Lemma switching_rate (a T K u x M : nat) : (2 ^ K <= M)%N -> (x <= u)%N ->
  (a * 2 ^ (K * u) <= (2 ^ K - 1) ^ u * T)%N -> a%:R <= T%:R * miss_rate M ^+ x.
Proof.
move=> le_KM le_xu switching.
have P_gt0 : (0 < 2 ^ K)%N by rewrite expn_gt0.
have rateK : (2 ^ K - 1)%:R / (2 ^ K)%:R = miss_rate (2 ^ K).
  by rewrite -(prednK P_gt0) miss_rateS prednK // subn1.
have exact_rate : a%:R <= T%:R * miss_rate (2 ^ K) ^+ u.
  rewrite -rateK expr_div_n -!natrX mulrA ler_pdivlMr ?ltr0n ?expn_gt0 //.
  by rewrite -!natrM ler_nat -expnM [(T * _)%N]mulnC.
apply: (le_trans exact_rate); rewrite ler_wpM2l ?ler0n //.
have ge0 M' : miss_rate M' \is Num.nneg by rewrite qualifE /= miss_rate_ge0.
apply: le_trans (lerXn2r u (ge0 _) (ge0 _) (miss_rate_le P_gt0 le_KM)) _.
exact: ler_wiXn2l (miss_rate_ge0 M) (miss_rate_le1 M) _ _ le_xu.
Qed.

Section FailureBound.
Variables k n : nat.

(* Each vertex meets at most M = 2^(2^k) constraints, on >= n/2 - k vertices. *)
Let M := (2 ^ (2 ^ k))%N.
Let x := (n./2 - k)%N.
Let T := #|simple_graphs n|.

Lemma card_nonempty_subsets (S : {set 'I_n}) :
  #|S| = k -> (#|nonempty_subsets S| <= 2 ^ k)%N.
Proof.
move=> <-; rewrite -card_powerset subset_leq_card //.
by apply/subsetP => B; rewrite !inE => /andP[_ ->].
Qed.

Lemma parity_fail_rate (S : {set 'I_n}) F :
  #|S| = k -> #|parity_fail_graphs S F|%:R <= T%:R * miss_rate M ^+ x.
Proof.
move=> card_S; apply: switching_rate (parity_fail_bound S F).
- by rewrite leq_exp2l // card_nonempty_subsets.
- by have := card_low_half S; rewrite card_S.
Qed.

Lemma uncovered_rate (S : {set 'I_n}) B :
  #|S| = k -> #|uncovered_graphs S B|%:R <= T%:R * miss_rate M ^+ x.
Proof.
move=> card_S; apply: switching_rate (uncovered_bound S B).
- by rewrite card_S leq_exp2l // ltnW // ltn_expl.
- by have := card_high_half S; rewrite card_S.
Qed.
────────────────────────────────────────
What is required: Lines from the one containing "Lemma card_nonempty_subsets (S" through the last line of the records, both included, are the only ones to print, each exactly as it is.

Task result:
Lemma card_nonempty_subsets (S : {set 'I_n}) :
  #|S| = k -> (#|nonempty_subsets S| <= 2 ^ k)%N.
Proof.
move=> <-; rewrite -card_powerset subset_leq_card //.
by apply/subsetP => B; rewrite !inE => /andP[_ ->].
Qed.

Lemma parity_fail_rate (S : {set 'I_n}) F :
  #|S| = k -> #|parity_fail_graphs S F|%:R <= T%:R * miss_rate M ^+ x.
Proof.
move=> card_S; apply: switching_rate (parity_fail_bound S F).
- by rewrite leq_exp2l // card_nonempty_subsets.
- by have := card_low_half S; rewrite card_S.
Qed.

Lemma uncovered_rate (S : {set 'I_n}) B :
  #|S| = k -> #|uncovered_graphs S B|%:R <= T%:R * miss_rate M ^+ x.
Proof.
move=> card_S; apply: switching_rate (uncovered_bound S B).
- by rewrite card_S leq_exp2l // ltnW // ltn_expl.
- by have := card_high_half S; rewrite card_S.
Qed.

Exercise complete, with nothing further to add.